• _PROBLEM REQUIREMENTS_: Among the entries below, extract exactly the lines that run from the one with "different user sets." through the one with "Section Restriction.", both ends included.

• _INFORMATION_:

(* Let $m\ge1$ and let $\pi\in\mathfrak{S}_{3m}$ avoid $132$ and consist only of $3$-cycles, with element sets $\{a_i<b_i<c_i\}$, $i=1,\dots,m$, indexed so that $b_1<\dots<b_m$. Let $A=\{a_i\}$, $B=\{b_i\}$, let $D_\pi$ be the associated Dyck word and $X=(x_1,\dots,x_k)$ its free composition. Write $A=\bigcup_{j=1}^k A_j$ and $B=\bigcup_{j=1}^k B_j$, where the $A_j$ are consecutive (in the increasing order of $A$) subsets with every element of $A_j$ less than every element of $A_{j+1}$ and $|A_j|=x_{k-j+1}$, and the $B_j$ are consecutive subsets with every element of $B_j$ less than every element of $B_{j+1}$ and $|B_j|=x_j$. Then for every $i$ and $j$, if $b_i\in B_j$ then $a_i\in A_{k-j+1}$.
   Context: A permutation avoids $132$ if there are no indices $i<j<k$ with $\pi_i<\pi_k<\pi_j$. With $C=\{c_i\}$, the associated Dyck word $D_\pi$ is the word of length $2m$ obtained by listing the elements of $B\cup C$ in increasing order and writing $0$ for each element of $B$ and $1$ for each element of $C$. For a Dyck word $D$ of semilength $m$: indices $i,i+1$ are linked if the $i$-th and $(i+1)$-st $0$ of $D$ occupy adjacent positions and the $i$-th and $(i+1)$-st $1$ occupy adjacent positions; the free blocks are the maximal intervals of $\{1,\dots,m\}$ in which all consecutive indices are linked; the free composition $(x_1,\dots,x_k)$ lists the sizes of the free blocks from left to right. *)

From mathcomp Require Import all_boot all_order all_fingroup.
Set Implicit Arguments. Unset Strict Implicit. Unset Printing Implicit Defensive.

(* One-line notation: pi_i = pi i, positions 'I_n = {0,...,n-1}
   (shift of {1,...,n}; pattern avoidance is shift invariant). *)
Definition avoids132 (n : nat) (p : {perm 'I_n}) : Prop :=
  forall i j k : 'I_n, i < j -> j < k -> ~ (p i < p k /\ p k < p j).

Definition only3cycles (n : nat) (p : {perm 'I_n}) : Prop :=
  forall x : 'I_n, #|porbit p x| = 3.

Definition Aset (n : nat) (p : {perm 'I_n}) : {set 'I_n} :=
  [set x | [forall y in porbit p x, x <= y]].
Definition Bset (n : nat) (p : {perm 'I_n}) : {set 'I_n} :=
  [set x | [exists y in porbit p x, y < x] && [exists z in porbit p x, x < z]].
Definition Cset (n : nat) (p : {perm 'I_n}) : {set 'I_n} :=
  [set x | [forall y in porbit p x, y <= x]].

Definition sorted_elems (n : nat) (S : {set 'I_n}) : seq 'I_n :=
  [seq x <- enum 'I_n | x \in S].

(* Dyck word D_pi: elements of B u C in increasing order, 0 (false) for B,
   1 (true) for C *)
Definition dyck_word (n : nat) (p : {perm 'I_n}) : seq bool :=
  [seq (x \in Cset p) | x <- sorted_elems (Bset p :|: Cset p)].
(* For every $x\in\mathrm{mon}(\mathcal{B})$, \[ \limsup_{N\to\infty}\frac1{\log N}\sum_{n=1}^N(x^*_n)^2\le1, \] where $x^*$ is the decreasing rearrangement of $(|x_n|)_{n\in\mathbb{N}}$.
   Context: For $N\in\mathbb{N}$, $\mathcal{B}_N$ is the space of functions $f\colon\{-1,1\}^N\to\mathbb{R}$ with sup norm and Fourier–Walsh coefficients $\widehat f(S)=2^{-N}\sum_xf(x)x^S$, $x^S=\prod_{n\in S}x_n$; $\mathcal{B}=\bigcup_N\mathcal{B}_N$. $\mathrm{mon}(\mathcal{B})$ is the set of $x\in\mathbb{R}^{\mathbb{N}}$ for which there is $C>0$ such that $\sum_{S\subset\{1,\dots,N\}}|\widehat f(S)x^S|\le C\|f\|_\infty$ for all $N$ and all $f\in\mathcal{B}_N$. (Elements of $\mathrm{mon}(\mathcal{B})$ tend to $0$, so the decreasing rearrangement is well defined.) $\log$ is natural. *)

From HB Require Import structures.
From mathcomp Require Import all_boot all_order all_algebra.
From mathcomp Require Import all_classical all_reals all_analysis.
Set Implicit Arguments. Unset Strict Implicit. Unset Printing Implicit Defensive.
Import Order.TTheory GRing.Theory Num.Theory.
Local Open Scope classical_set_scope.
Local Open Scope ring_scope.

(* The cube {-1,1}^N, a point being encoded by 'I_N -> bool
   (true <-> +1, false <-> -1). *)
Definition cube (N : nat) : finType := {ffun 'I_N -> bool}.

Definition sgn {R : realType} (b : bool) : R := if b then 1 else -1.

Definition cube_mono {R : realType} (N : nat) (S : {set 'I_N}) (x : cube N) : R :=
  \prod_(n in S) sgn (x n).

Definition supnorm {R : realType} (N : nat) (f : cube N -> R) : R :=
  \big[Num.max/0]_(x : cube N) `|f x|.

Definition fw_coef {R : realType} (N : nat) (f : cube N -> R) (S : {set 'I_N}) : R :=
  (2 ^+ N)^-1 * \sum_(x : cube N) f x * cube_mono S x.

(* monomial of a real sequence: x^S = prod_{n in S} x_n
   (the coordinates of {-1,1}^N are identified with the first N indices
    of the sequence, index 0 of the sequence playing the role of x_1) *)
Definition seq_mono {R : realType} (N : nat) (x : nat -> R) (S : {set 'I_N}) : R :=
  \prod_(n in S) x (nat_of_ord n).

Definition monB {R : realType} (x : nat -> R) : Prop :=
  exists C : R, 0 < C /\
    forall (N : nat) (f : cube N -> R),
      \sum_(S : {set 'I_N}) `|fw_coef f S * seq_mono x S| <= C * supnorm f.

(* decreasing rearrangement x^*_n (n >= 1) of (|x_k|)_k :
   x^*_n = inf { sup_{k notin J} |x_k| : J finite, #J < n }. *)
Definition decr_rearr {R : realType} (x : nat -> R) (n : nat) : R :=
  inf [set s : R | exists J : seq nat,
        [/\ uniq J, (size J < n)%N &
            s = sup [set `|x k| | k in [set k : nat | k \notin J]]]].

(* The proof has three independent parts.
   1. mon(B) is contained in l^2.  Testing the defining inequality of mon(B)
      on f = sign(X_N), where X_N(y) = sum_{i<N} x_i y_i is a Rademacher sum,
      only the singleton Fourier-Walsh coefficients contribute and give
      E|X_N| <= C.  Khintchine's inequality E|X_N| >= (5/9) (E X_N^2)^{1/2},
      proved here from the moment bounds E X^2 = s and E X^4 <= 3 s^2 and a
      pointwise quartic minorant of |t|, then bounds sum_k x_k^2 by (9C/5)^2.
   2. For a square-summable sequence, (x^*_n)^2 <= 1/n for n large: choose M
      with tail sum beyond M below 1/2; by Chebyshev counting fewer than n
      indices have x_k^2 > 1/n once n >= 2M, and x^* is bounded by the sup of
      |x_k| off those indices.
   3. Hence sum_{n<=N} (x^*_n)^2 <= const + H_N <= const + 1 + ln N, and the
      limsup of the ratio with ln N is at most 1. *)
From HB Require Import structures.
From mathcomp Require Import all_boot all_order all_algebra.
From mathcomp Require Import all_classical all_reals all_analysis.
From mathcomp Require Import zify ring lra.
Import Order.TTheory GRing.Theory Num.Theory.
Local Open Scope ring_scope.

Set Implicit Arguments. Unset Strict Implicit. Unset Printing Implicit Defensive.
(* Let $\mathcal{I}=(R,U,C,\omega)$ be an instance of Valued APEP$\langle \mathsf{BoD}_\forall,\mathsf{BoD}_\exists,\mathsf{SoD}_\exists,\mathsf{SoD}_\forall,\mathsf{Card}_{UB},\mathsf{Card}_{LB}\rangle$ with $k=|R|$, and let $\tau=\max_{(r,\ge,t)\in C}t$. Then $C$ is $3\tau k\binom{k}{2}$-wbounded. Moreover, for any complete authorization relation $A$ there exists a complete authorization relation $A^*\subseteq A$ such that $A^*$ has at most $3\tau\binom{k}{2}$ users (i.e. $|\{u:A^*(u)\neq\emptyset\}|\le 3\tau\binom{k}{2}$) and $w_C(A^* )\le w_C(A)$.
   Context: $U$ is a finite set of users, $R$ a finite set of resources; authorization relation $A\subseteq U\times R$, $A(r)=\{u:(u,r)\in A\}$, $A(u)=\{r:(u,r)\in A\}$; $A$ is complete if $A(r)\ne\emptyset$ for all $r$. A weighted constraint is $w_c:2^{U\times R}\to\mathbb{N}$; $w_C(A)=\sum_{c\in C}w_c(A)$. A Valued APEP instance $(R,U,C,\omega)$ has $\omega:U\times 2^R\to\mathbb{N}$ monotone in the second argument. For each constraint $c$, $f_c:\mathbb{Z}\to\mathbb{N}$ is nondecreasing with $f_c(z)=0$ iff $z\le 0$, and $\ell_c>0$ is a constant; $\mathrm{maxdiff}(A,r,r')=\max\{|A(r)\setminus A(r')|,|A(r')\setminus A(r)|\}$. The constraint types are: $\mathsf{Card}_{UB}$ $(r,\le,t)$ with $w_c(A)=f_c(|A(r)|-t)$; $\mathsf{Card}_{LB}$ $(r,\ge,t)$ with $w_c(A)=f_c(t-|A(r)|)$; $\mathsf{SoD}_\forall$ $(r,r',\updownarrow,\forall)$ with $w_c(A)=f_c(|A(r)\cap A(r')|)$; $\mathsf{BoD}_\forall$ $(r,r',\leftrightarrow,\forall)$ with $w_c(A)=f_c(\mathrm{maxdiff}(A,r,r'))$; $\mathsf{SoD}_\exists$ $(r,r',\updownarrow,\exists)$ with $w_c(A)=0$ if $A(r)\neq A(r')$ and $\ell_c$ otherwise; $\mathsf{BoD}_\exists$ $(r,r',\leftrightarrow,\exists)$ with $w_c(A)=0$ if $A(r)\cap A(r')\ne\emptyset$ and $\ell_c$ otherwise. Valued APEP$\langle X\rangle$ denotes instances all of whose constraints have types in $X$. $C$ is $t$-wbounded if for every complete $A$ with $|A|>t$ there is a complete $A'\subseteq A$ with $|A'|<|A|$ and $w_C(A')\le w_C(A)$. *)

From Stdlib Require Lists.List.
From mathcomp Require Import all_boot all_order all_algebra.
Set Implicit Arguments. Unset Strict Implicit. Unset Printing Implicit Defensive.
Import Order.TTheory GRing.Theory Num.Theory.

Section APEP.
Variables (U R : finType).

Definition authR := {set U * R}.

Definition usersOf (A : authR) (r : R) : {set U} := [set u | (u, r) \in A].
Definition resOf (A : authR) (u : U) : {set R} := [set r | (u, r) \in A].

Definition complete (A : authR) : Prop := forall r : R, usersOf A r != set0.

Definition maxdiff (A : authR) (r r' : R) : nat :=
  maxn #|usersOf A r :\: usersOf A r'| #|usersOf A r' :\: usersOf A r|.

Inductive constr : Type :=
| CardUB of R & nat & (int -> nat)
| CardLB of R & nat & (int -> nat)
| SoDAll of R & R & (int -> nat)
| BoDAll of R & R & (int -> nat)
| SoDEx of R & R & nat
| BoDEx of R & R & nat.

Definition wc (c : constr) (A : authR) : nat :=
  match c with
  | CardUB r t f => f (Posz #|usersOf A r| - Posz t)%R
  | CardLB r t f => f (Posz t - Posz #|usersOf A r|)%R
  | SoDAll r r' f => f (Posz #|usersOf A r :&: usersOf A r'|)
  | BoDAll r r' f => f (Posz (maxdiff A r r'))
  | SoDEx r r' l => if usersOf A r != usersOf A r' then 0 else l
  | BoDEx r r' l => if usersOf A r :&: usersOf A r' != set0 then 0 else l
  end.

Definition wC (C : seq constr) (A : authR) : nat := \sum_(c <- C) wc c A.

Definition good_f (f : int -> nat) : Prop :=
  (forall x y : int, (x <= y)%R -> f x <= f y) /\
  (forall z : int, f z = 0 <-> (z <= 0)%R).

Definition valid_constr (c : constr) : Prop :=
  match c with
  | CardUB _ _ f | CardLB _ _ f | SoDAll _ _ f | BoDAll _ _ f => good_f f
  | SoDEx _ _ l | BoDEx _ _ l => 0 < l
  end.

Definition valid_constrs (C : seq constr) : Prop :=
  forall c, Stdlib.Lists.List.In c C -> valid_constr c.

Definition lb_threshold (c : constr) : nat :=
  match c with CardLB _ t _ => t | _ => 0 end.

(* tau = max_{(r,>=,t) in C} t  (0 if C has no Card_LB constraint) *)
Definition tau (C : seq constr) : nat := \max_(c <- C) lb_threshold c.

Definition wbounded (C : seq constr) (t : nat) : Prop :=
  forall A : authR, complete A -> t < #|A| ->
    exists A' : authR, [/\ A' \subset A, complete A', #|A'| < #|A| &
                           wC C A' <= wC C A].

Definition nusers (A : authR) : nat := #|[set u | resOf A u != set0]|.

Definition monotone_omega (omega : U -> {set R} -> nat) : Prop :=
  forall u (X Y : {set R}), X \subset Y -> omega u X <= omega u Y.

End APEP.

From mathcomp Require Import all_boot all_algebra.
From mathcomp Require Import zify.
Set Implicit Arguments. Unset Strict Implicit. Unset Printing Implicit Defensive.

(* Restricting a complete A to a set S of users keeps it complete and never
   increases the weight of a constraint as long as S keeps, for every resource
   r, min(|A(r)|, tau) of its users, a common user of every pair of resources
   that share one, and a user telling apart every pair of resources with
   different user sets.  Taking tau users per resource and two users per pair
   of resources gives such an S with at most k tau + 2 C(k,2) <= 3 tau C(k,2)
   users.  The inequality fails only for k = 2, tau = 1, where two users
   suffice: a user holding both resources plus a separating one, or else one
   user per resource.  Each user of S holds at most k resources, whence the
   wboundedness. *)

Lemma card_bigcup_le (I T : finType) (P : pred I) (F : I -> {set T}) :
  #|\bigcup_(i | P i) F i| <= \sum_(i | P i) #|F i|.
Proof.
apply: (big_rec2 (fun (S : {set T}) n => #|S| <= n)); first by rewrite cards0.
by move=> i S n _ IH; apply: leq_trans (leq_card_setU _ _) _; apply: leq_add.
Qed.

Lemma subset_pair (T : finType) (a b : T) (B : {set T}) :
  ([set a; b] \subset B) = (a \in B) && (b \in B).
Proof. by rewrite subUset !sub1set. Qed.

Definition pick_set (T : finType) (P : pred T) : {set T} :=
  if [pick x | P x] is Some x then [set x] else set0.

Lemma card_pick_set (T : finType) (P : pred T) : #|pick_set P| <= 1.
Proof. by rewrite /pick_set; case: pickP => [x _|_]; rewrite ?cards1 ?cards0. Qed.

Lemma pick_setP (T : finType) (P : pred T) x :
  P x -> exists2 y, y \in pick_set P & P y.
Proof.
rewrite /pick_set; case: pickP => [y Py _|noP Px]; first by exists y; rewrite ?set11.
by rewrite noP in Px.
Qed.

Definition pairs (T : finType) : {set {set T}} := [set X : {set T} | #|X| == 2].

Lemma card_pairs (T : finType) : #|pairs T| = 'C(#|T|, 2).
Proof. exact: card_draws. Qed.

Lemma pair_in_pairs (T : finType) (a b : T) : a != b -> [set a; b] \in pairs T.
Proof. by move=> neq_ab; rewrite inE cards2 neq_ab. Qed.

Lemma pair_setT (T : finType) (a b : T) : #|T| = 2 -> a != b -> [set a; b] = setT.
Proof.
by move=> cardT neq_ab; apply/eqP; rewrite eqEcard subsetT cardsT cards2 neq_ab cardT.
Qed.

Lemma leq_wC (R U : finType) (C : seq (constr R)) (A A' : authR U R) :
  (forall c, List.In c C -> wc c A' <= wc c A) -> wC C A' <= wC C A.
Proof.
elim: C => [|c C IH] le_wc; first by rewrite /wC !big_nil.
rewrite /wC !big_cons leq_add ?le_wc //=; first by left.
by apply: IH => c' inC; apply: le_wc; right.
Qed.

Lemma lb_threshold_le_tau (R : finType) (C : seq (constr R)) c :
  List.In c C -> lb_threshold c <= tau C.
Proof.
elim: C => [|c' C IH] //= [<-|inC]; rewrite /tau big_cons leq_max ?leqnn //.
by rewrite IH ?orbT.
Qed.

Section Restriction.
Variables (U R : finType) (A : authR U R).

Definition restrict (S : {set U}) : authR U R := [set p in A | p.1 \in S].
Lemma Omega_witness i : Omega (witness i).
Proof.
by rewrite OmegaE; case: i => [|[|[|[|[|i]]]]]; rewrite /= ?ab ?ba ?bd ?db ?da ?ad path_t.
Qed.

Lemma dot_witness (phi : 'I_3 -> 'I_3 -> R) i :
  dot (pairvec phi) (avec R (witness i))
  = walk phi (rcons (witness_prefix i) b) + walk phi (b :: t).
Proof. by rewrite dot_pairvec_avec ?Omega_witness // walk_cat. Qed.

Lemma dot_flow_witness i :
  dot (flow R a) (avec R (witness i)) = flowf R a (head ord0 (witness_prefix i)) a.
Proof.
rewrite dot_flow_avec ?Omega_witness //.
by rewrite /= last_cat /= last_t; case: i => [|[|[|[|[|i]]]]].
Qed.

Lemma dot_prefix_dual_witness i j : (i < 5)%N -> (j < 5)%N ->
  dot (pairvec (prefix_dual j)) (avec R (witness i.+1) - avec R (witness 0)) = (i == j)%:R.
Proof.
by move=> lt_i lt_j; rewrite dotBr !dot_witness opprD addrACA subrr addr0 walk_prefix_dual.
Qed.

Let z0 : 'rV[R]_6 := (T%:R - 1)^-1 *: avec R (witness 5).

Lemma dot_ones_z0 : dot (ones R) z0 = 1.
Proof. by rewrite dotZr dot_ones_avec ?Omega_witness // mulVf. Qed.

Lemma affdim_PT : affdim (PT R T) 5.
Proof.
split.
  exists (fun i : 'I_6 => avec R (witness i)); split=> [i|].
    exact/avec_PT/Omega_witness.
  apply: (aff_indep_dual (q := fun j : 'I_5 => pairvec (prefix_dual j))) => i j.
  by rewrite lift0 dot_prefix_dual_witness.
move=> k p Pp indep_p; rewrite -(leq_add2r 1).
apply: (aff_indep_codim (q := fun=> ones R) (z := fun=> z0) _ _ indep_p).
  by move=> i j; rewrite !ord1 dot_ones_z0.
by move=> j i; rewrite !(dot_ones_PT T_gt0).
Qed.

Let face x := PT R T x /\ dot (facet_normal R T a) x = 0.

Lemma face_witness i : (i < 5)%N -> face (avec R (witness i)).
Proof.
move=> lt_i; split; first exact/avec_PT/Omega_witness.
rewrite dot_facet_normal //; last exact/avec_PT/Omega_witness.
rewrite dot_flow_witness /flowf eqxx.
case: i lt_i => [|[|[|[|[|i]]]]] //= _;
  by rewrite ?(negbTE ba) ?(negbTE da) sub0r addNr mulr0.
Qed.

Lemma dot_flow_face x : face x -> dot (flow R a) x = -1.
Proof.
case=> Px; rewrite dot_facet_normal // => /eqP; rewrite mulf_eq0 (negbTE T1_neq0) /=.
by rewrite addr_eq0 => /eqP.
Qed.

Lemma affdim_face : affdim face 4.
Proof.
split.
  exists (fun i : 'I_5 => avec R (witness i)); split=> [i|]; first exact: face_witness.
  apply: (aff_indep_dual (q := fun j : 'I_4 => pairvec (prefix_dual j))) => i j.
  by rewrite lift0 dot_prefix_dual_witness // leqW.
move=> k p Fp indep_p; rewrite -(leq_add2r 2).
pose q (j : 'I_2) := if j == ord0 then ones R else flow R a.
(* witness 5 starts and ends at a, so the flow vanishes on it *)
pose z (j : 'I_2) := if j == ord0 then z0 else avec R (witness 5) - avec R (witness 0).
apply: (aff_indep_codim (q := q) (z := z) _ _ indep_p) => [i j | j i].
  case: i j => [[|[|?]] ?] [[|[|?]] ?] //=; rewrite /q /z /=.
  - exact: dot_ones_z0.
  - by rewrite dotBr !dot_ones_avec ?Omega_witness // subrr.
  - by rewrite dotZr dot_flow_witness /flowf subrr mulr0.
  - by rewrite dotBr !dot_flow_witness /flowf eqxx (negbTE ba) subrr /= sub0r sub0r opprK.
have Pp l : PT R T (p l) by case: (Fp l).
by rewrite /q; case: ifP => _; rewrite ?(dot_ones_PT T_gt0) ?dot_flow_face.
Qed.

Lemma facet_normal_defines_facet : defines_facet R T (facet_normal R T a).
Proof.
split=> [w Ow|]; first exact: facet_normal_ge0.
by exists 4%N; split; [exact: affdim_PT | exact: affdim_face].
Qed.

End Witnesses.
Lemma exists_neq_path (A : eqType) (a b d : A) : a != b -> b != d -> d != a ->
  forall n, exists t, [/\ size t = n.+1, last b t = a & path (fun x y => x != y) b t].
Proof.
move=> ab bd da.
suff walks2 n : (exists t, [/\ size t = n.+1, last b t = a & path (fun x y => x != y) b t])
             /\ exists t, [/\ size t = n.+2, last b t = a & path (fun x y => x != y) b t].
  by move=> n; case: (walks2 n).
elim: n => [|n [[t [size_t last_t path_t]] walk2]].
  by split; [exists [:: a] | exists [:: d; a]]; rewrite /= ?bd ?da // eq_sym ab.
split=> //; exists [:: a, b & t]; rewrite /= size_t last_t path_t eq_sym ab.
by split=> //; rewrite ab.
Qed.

• _RESPONSE_:
   different user sets.  Taking tau users per resource and two users per pair
   of resources gives such an S with at most k tau + 2 C(k,2) <= 3 tau C(k,2)
   users.  The inequality fails only for k = 2, tau = 1, where two users
   suffice: a user holding both resources plus a separating one, or else one
   user per resource.  Each user of S holds at most k resources, whence the
   wboundedness. *)

Lemma card_bigcup_le (I T : finType) (P : pred I) (F : I -> {set T}) :
  #|\bigcup_(i | P i) F i| <= \sum_(i | P i) #|F i|.
Proof.
apply: (big_rec2 (fun (S : {set T}) n => #|S| <= n)); first by rewrite cards0.
by move=> i S n _ IH; apply: leq_trans (leq_card_setU _ _) _; apply: leq_add.
Qed.

Lemma subset_pair (T : finType) (a b : T) (B : {set T}) :
  ([set a; b] \subset B) = (a \in B) && (b \in B).
Proof. by rewrite subUset !sub1set. Qed.

Definition pick_set (T : finType) (P : pred T) : {set T} :=
  if [pick x | P x] is Some x then [set x] else set0.

Lemma card_pick_set (T : finType) (P : pred T) : #|pick_set P| <= 1.
Proof. by rewrite /pick_set; case: pickP => [x _|_]; rewrite ?cards1 ?cards0. Qed.

Lemma pick_setP (T : finType) (P : pred T) x :
  P x -> exists2 y, y \in pick_set P & P y.
Proof.
rewrite /pick_set; case: pickP => [y Py _|noP Px]; first by exists y; rewrite ?set11.
by rewrite noP in Px.
Qed.

Definition pairs (T : finType) : {set {set T}} := [set X : {set T} | #|X| == 2].

Lemma card_pairs (T : finType) : #|pairs T| = 'C(#|T|, 2).
Proof. exact: card_draws. Qed.

Lemma pair_in_pairs (T : finType) (a b : T) : a != b -> [set a; b] \in pairs T.
Proof. by move=> neq_ab; rewrite inE cards2 neq_ab. Qed.

Lemma pair_setT (T : finType) (a b : T) : #|T| = 2 -> a != b -> [set a; b] = setT.
Proof.
by move=> cardT neq_ab; apply/eqP; rewrite eqEcard subsetT cardsT cards2 neq_ab cardT.
Qed.

Lemma leq_wC (R U : finType) (C : seq (constr R)) (A A' : authR U R) :
  (forall c, List.In c C -> wc c A' <= wc c A) -> wC C A' <= wC C A.
Proof.
elim: C => [|c C IH] le_wc; first by rewrite /wC !big_nil.
rewrite /wC !big_cons leq_add ?le_wc //=; first by left.
by apply: IH => c' inC; apply: le_wc; right.
Qed.

Lemma lb_threshold_le_tau (R : finType) (C : seq (constr R)) c :
  List.In c C -> lb_threshold c <= tau C.
Proof.
elim: C => [|c' C IH] //= [<-|inC]; rewrite /tau big_cons leq_max ?leqnn //.
by rewrite IH ?orbT.
Qed.

Section Restriction.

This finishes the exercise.